Farm shows aim to grow viewership
Until now, food-related shows largely focused on introducing nice places to eat or star chefs cooking up simple dishes.
Under the latest format, however, celebrities plant seeds in their sections of a field, whether it is as big as a soccer pitch or the size of a hand. The show features celebrities contributing their time and effort to plow a field, plant seeds and take care of them to see a fruitful outcome.
The genre is best represented by star producer Na Young-seok’s popular reality show “Three Meals a Day,” which began its second season last month with regulars Lee Seo-jin and Ok Taec-yeon from boy group 2PM. Middle-aged actor Kim Kwang-kyu is the new member of the team.
During the first episode May 15, Lee, Ok and Kim planted potatoes in the corner of a 3,305-square-meter (0.8-acre) field in Jeongseon, Gangwon.
Previously, they planted corn, tomatoes, sweet potatoes and so on.
“From the moment I was planning the first season of this program, I wanted to show the audience the four seasons of a year, very slowly,” said producer Na last month. “For example, I wanted to show them how a seed that we plant in the spring bears fruits in later seasons.”
This is why the second season of the weekly program is scheduled to air for four months, about twice as long as previous seasons.
Another program that falls into this category is the newest season of the KBS2 reality show “The Human Condition,” which launched late last month with a new subtitle: “City Farmer.”
The program shows star chefs Choi Hyun-seok and Jung Chang-wook cultivating a small plot on a rooftop in Seoul.
“Our previous seasons focused on subtracting things from human lives,” said producer Won Seung-yeon.

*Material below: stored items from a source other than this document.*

(* Let $P$ be an irreducible transition matrix on the finite set $S$, reversible with respect to $\pi$, and suppose $\mathrm{trace}(P)$ (equivalently, the sum of the eigenvalues of $P$) equals $\max\big(0,(2\pi_{\max}-1)/\pi_{\max}\big)$, where $\pi_{\max}=\max_x\pi(x)$. Then no other transition matrix that is reversible with respect to $\pi$ efficiency-dominates $P$.
   Context: $S$ is a finite set, and $\pi$ is a probability distribution on $S$ with $\pi(x)>0$ for all $x$. A transition matrix $P$ is reversible with respect to $\pi$ if $\pi(x)P(x,y)=\pi(y)P(y,x)$ for all $x,y$; irreducible if every state can be reached from every other with positive probability in some number of steps. For a Markov chain $X_1,X_2,\dots$ with transition matrix $P$ and $X_1\sim\pi$, $v(f,P)=\lim_{N\to\infty}\frac1N\mathrm{Var}\big(\sum_{i=1}^N f(X_i)\big)$. $P$ efficiency-dominates $Q$ if $v(f,P)\le v(f,Q)$ for all $f:S\to\mathbb R$. *)

From HB Require Import structures.
From mathcomp Require Import all_boot all_order all_algebra.
From mathcomp Require Import all_classical all_reals ereal topology normedtype sequences.
Set Implicit Arguments. Unset Strict Implicit. Unset Printing Implicit Defensive.
Import Order.TTheory GRing.Theory Num.Theory.
Local Open Scope ring_scope.
Local Open Scope ereal_scope.
Local Open Scope ring_scope.

Section MC.
Variables (R : realType) (S : finType).

Definition pos_prob (pi : S -> R) : Prop :=
  (forall x, 0 < pi x) /\ \sum_x pi x = 1.

Definition transition_matrix (P : S -> S -> R) : Prop :=
  (forall x y, 0 <= P x y) /\ (forall x, \sum_y P x y = 1).

Definition reversible (pi : S -> R) (P : S -> S -> R) : Prop :=
  forall x y, pi x * P x y = pi y * P y x.

Fixpoint mpow (P : S -> S -> R) (n : nat) : S -> S -> R :=
  match n with
  | 0 => fun x y => if x == y then 1 else 0
  | n'.+1 => fun x y => \sum_z mpow P n' x z * P z y
  end.

Definition irreducible (P : S -> S -> R) : Prop :=
  forall x y, exists n, 0 < mpow P n x y.

Definition trace (P : S -> S -> R) : R := \sum_x P x x.

Definition pi_max (pi : S -> R) : R := \big[Num.max/0]_x pi x.

Fixpoint chain_prob (P : S -> S -> R) (x : S) (s : seq S) : R :=
  match s with
  | [::] => 1
  | y :: s' => P x y * chain_prob P y s'
  end.

Definition path_prob (pi : S -> R) (P : S -> S -> R) (s : seq S) : R :=
  match s with
  | [::] => 1
  | x :: s' => pi x * chain_prob P x s'
  end.

Definition expect (pi : S -> R) (P : S -> S -> R) (N : nat)
    (g : N.-tuple S -> R) : R :=
  \sum_(w : N.-tuple S) path_prob pi P w * g w.

Definition var_sum (pi : S -> R) (P : S -> S -> R) (f : S -> R) (N : nat) : R :=
  expect pi P (fun w : N.-tuple S => (\sum_(x <- w) f x) ^+ 2)
  - (expect pi P (fun w : N.-tuple S => \sum_(x <- w) f x)) ^+ 2.

Definition asym_var (pi : S -> R) (P : S -> S -> R) (f : S -> R) : \bar R :=
  limn (fun N : nat => ((var_sum pi P f N) / N%:R)%:E).

Definition eff_dominates (pi : S -> R) (P Q : S -> S -> R) : Prop :=
  forall f : S -> R, (asym_var pi P f <= asym_var pi Q f)%E.

End MC.

From HB Require Import structures.
From mathcomp Require Import all_boot all_order all_algebra.
From mathcomp Require Import all_classical all_reals ereal topology normedtype sequences.
From mathcomp Require Import ring lra.
Set Implicit Arguments. Unset Strict Implicit. Unset Printing Implicit Defensive.
Import Order.TTheory GRing.Theory Num.Theory.
Import numFieldNormedType.Exports.
Local Open Scope ring_scope.

(* Write [<u, v>] for the [pi]-weighted inner product and [E_T(u) = <u, u> - <u, T u>] for
   the Dirichlet form. Under an irreducible reversible [T], every centered [f] solves the
   Poisson equation [f = h - T h], and the variance of [f(X_1) + ... + f(X_N)] is
   [N (2 <f, h> - <f, f>)] up to a bounded error, so [v(f, T) = 2 <f, h> - <f, f>].
   If [Q] is reducible, the centered indicator of a closed class is [Q]-harmonic, so its
   asymptotic variance under [Q] is infinite but finite under [P]. If [Q] is irreducible,
   [<f, h> = max_u (2 <f, u> - E_Q(u))], so [f = k - P k] has [v(f, Q) > v(f, P)] as soon as
   [E_Q(k) < E_P(k)]. Such a [k] exists because [trace P] is minimal: reversibility gives
   [pi x Q x x >= 2 pi x - 1], so either [Q] exceeds [P] somewhere on the diagonal and [k]
   is a point mass, or the diagonals agree and [k] lives on two states where [Q] and [P]
   differ. *)

Section Operators.
Variables (R : realType) (S : finType).
Implicit Types (pi u v : S -> R) (T : S -> S -> R).

Definition tapp T u : S -> R := fun x => \sum_y T x y * u y.

Definition dotp pi u v : R := \sum_x pi x * (u x * v x).

Definition dirichlet pi T u : R := dotp pi u u - dotp pi u (tapp T u).

Lemma tappB T u v x : tapp T (fun y => u y - v y) x = tapp T u x - tapp T v x.
Proof. by rewrite /tapp -sumrB; apply: eq_bigr => y _; rewrite mulrBr. Qed.

Lemma tapp_cst T c x : transition_matrix T -> tapp T (fun=> c) x = c.
Proof. by case=> _ hT1; rewrite /tapp -mulr_suml hT1 mul1r. Qed.

Lemma dotpC pi u v : dotp pi u v = dotp pi v u.
Proof. by apply: eq_bigr => x _; rewrite (mulrC (u x)). Qed.

Lemma dotp_poisson pi T f h : (forall x, f x = h x - tapp T h x) ->
  dotp pi f h = dirichlet pi T h.
Proof. by move=> hf; rewrite /dirichlet /dotp -sumrB; apply: eq_bigr => x _; rewrite hf; ring. Qed.

Lemma dotp_gt0 pi u z : (forall x, 0 < pi x) -> u z != 0 -> 0 < dotp pi u u.
Proof.
move=> hpi uz; rewrite /dotp (bigD1 z) //= ltr_pwDl //.
  by rewrite mulr_gt0 // -expr2 exprn_even_gt0.
apply: sumr_ge0 => x _; apply: mulr_ge0; [exact: ltW | by rewrite -expr2 sqr_ge0].
Qed.

Section Reversible.
Variables (pi : S -> R) (T : S -> S -> R).
Hypotheses (hT : transition_matrix T) (hrev : reversible pi T).

Lemma reversible_stationary y : \sum_x pi x * T x y = pi y.
Proof.
under eq_bigr do rewrite hrev.
by rewrite -mulr_sumr hT.2 mulr1.
Qed.

Lemma mean_tapp u : \sum_x pi x * tapp T u x = \sum_x pi x * u x.
Proof.
rewrite /tapp; under eq_bigr do rewrite mulr_sumr.
rewrite exchange_big /=; apply: eq_bigr => y _.
by rewrite -reversible_stationary mulr_suml; apply: eq_bigr => x _; rewrite mulrA.
Qed.

Lemma dotp_tappC u v : dotp pi (tapp T u) v = dotp pi u (tapp T v).
Proof.
rewrite /dotp /tapp.
transitivity (\sum_x \sum_y pi x * T x y * u y * v x).
  by apply: eq_bigr => x _; rewrite mulr_suml mulr_sumr; apply: eq_bigr => y _; ring.
rewrite exchange_big /=; apply: eq_bigr => y _; rewrite !mulr_sumr.
by apply: eq_bigr => x _; rewrite hrev; ring.
Qed.

Hypothesis hpi0 : forall x, 0 <= pi x.

Lemma dirichlet_ge0 u : 0 <= dirichlet pi T u.
Proof.
have squares : \sum_x \sum_y pi x * T x y * (u x - u y) ^+ 2 = 2 * dirichlet pi T u.
  transitivity (\sum_x pi x * (u x * u x) * \sum_y T x y
      - 2 * \sum_x pi x * (u x * tapp T u x) + \sum_x pi x * tapp T (fun y => u y * u y) x).
    rewrite mulr_sumr -sumrB -big_split /=; apply: eq_bigr => x _.
    rewrite /tapp !mulr_sumr -!sumrB -big_split /=; apply: eq_bigr => y _; ring.
  under eq_bigr do rewrite hT.2 mulr1.
  by rewrite mean_tapp /dirichlet /dotp; ring.
rewrite -(pmulr_rge0 _ (ltr0n _ 2)) -squares.
apply: sumr_ge0 => x _; apply: sumr_ge0 => y _.
by rewrite mulr_ge0 ?sqr_ge0 // mulr_ge0 // hT.1.
Qed.

(* Completing the square: the defect in this inequality is [dirichlet pi T (h - u)]. *)
Lemma poisson_variational f h u : (forall x, f x = h x - tapp T h x) ->
  2 * dotp pi f u - dirichlet pi T u <= dotp pi f h.
Proof.
move=> hf.
have := dirichlet_ge0 (fun x => h x - u x).
have fu : dotp pi f u = dotp pi h u - dotp pi h (tapp T u).
  by rewrite -dotp_tappC /dotp -sumrB; apply: eq_bigr => x _; rewrite hf; ring.
have sym : dotp pi u (tapp T h) = dotp pi h (tapp T u) by rewrite -dotp_tappC dotpC.
have -> : dirichlet pi T (fun x => h x - u x) = dirichlet pi T h - dotp pi h u
    - dotp pi u h + dotp pi h (tapp T u) + dotp pi u (tapp T h) + dirichlet pi T u.
  rewrite /dirichlet /dotp -!sumrB -!big_split /=; apply: eq_bigr => x _.
  rewrite tappB; ring.
rewrite (dotpC pi u h) sym fu (dotp_poisson _ hf) /dirichlet; lra.
Qed.

End Reversible.
End Operators.

Section Reachability.
Variables (R : realType) (S : finType) (T : S -> S -> R).
Hypothesis hT : transition_matrix T.

Lemma mpow_ge0 n x y : 0 <= mpow T n x y.
Proof.
elim: n y => [|n IH] y /=; first by case: (x == y).
by apply: sumr_ge0 => z _; rewrite mulr_ge0 // hT.1.
Qed.

Lemma mpowS_gt0 n x y :
  0 < mpow T n.+1 x y <-> exists z, 0 < mpow T n x z /\ 0 < T z y.
Proof.
split=> [xy | [z [xz zy]]] /=; last first.
  rewrite (bigD1 z) //= ltr_pwDl ?mulr_gt0 // sumr_ge0 // => w _.
  by rewrite mulr_ge0 ?mpow_ge0 ?hT.1.
have [z xzy] : exists z, 0 < mpow T n x z * T z y.
  apply/existsP; apply: contraLR xy; rewrite negb_exists => /forallP hall.
  by rewrite -leNgt; apply: sumr_le0 => z _; rewrite leNgt hall.
exists z; split; rewrite lt_def ?mpow_ge0 ?hT.1 andbT; apply: contraTneq xzy => ->;
  by rewrite ?mul0r ?mulr0 ltxx.
Qed.

Lemma mpow_gt0_closed (A : pred S) n x y :
  (forall z w, A z -> 0 < T z w -> A w) -> A x -> 0 < mpow T n x y -> A y.
Proof.
move=> closedA Ax; elim: n y => [|n IH] y /=.
  by case: eqP => [<- //|_]; rewrite ltxx.
by case/mpowS_gt0 => z [xz zy]; apply: closedA zy; apply: IH.
Qed.

(* Maximum principle: the set where [u] attains its maximum is closed under transitions. *)
Lemma harmonic_cst u : irreducible T -> (forall x, tapp T u x = u x) ->
  forall x y, u x = u y.
Proof.
move=> hirr hu x y.
case: (arg_maxP u (isT : xpredT x)) => x0 _ umax.
have closed_max z w : u z == u x0 -> 0 < T z w -> u w == u x0.
  move=> /eqP uz zw.
  have defect0 : \sum_v T z v * (u x0 - u v) = 0.
    under eq_bigr do rewrite mulrBr.
    by rewrite sumrB -mulr_suml hT.2 mul1r -/(tapp T u z) hu uz subrr.
  have term_ge0 v : true -> 0 <= T z v * (u x0 - u v).
    by move=> _; rewrite mulr_ge0 ?hT.1 // subr_ge0; apply: umax.
  have /eqP := psumr_eq0P term_ge0 defect0 (i := w) isT.
  by rewrite mulf_eq0 (gt_eqF zw) subr_eq0 eq_sym.
have [n xn] := hirr x0 x; have [m ym] := hirr x0 y.
have /eqP -> := mpow_gt0_closed closed_max (eqxx _) xn.
by have /eqP -> := mpow_gt0_closed closed_max (eqxx _) ym.
Qed.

Last season’s main theme was losing benefits that come from civilization, and in one episode, celebrities had to endure a day without cell phones.
“However, the third season is about adding,” said Won. “As the cast jumped into the world of farming, they came to realize things they had not noticed, and they are adjusting to it.”
Even if it is not a shooting day, the show’s six cast members take turns visiting the rooftop farm to take care of the plants. It’s fun watching these farming novices stumble their way through so the crops won’t die.
It remains to be seen whether these so-called farming variety shows will catch on with their relatively slow pace.
Na admits the risk of making the show “tedious,” but he also made sure to “make a program that would surely appeal to those who have liked my previous shows.”